Fueling Your Athletic Performance
Despite whether you are an athlete or not, an increase in physical activity requires an increase in food consumption to fuel your body in training. Consistent feeding throughout the day will keep your metabolism up, ensure nutrient delivery to the muscles, and help minimize fatigue. Eating breakfast, lunch, and dinner with snacks between each meal, as well as a small snack before bed is a great example of how often you should eat.
Fueling your body prior to a workout is essential, whether it is a meal 2 hours before or just a snack 30 minutes before, this food should consist of mostly carbohydrates, moderate protein, and minimal fat. Everybody is a little different in what they can and cannot eat before training, some people will not be able to tolerate a snack 30 minutes prior to training, and others may be able to have a snack ten minutes prior. It’s up to you to figure out what works for you and stick to it.
The most essential part of eating is right after training. You should eat a snack that consists of mostly carbohydrates and protein as soon as possible after finishing your workout. This will help ensure optimal recovery, repair of the muscles that were stressed during training, and replenish glycogen stores. A popular choice for a post workout meal is a protein shake containing whey protein, and carbohydrates.
Fluid intake is also very important throughout the whole day, not only during or post workout. Staying hydrated throughout the day is especially important if a lot of fluid was lost through sweat during training. The recommended fluid intake is: approximately 14-22 ounces before training, 6-12 ounces every 20 minutes during training, and 16-24 ounces per pound of body weight lost during training for recovery.

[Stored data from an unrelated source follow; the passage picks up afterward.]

(* (k,d)-coloring: c : V -> {0,...,k-1} with d <= |c u - c v| <= k - d on edges.
   |a - b| on nat is written (a - b) + (b - a) (truncated subtraction). *)
Definition kd_coloring (V : finType) (adj : rel V) (k d : nat) (c : V -> 'I_k) : Prop :=
  forall u v, adj u v ->
    (d <= (c u - c v) + (c v - c u) <= k - d)%N.

Definition kd_colorable (V : finType) (adj : rel V) (k d : nat) : Prop :=
  (0 < d)%N /\ (2 * d <= k)%N /\ exists c : V -> 'I_k, @kd_coloring V adj k d c.

(* chi_c(G) = inf { k/d | G has a (k,d)-coloring, k >= 2d, d >= 1 }.
   "chi_c(G) <= r" unfolds the infimum: for every eps > 0 some element of the
   set is < r + eps. *)
Definition circ_chrom_le (V : finType) (adj : rel V) (r : R) : Prop :=
  forall eps : R, (0 < eps)%R ->
    exists k d : nat, kd_colorable adj k d /\ (INR k / INR d < r + eps)%R.

Definition in_box (d : nat) (lo hi : 'I_d -> R) (x : 'I_d -> R) : Prop :=
  forall i, (lo i <= x i <= hi i)%R.

Definition in_int_box (d : nat) (lo hi : 'I_d -> R) (x : 'I_d -> R) : Prop :=
  forall i, (lo i < x i < hi i)%R.

(* coordinate e_1 is index 0 *)
Definition flat_box_e1 (d : nat) (S : ('I_d -> R) -> Prop) : Prop :=
  exists (c : R) (a b : 'I_d -> R),
    (forall i : 'I_d, nat_of_ord i <> 0%N -> (a i < b i)%R) /\
    (forall x : 'I_d -> R,
       S x <-> (forall i : 'I_d,
                  (nat_of_ord i = 0%N -> x i = c) /\
                  (nat_of_ord i <> 0%N -> (a i <= x i <= b i)%R))).

Definition in_dCBU (V : finType) (adj : rel V) (d : nat) : Prop :=
  (1 <= d)%N /\
  exists lo hi : V -> 'I_d -> R,
    (forall v i, (lo v i < hi v i)%R) /\
    (forall u v, u <> v ->
       ~ (exists x, in_int_box (lo u) (hi u) x /\ in_int_box (lo v) (hi v) x)) /\
    (forall u v, u <> v ->
       (adj u v <-> exists x, in_box (lo u) (hi u) x /\ in_box (lo v) (hi v) x)) /\
    (forall u v, u <> v ->
       (exists x, in_box (lo u) (hi u) x /\ in_box (lo v) (hi v) x) ->
       flat_box_e1 (fun x => in_box (lo u) (hi u) x /\ in_box (lo v) (hi v) x)).

Definition in_CBU (V : finType) (adj : rel V) : Prop :=
  exists d : nat, in_dCBU adj d.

Eating a wide variety of foods is also very important to be sure that you get the vitamins and minerals needed to re-fuel your body. Lean protein, and a fruit or vegetable should be eaten at every meal. Fruits and vegetables are key in supplying your body with vitamins and minerals essential to your recovery. Carbohydrates such as breads, pasta, nuts, potatoes, and rice are also essential to fuel the body when eaten before and after training. The rest of your carbohydrate intake should come from fruits and vegetables as often as you would like. Limit calorie containing drinks such as fruit juices, soda, energy drinks, and ALCOHOL as these sugars often get stored as fat. Be sure not to eliminate healthy fats from your diet as a certain amount of good fat is necessary for normal bodily functions, and optimal performance. Fats from foods such as nuts, seeds, fish, and healthy oils are healthy fats.
Many supplements on the market today claim to be a magic pill or powder to be the key for unlocking an athletes maximum potential, and are usually made of creatine, glutamine, arginine, HMB, etc. An athlete’s daily food intake should ensure that they get these in the body. A supplement is to be used when someone is lacking these in regular food intake. Protein supplements in the form of bars, powders, and shakes are the most reasonable means of supplementation; everything else ultimately ends up being a very expensive form of waste. The best thing an athlete can do is eat a wide variety of foods, plan their meals around their training schedule and fuel their body with the greatest amounts of unprocessed foods as possible.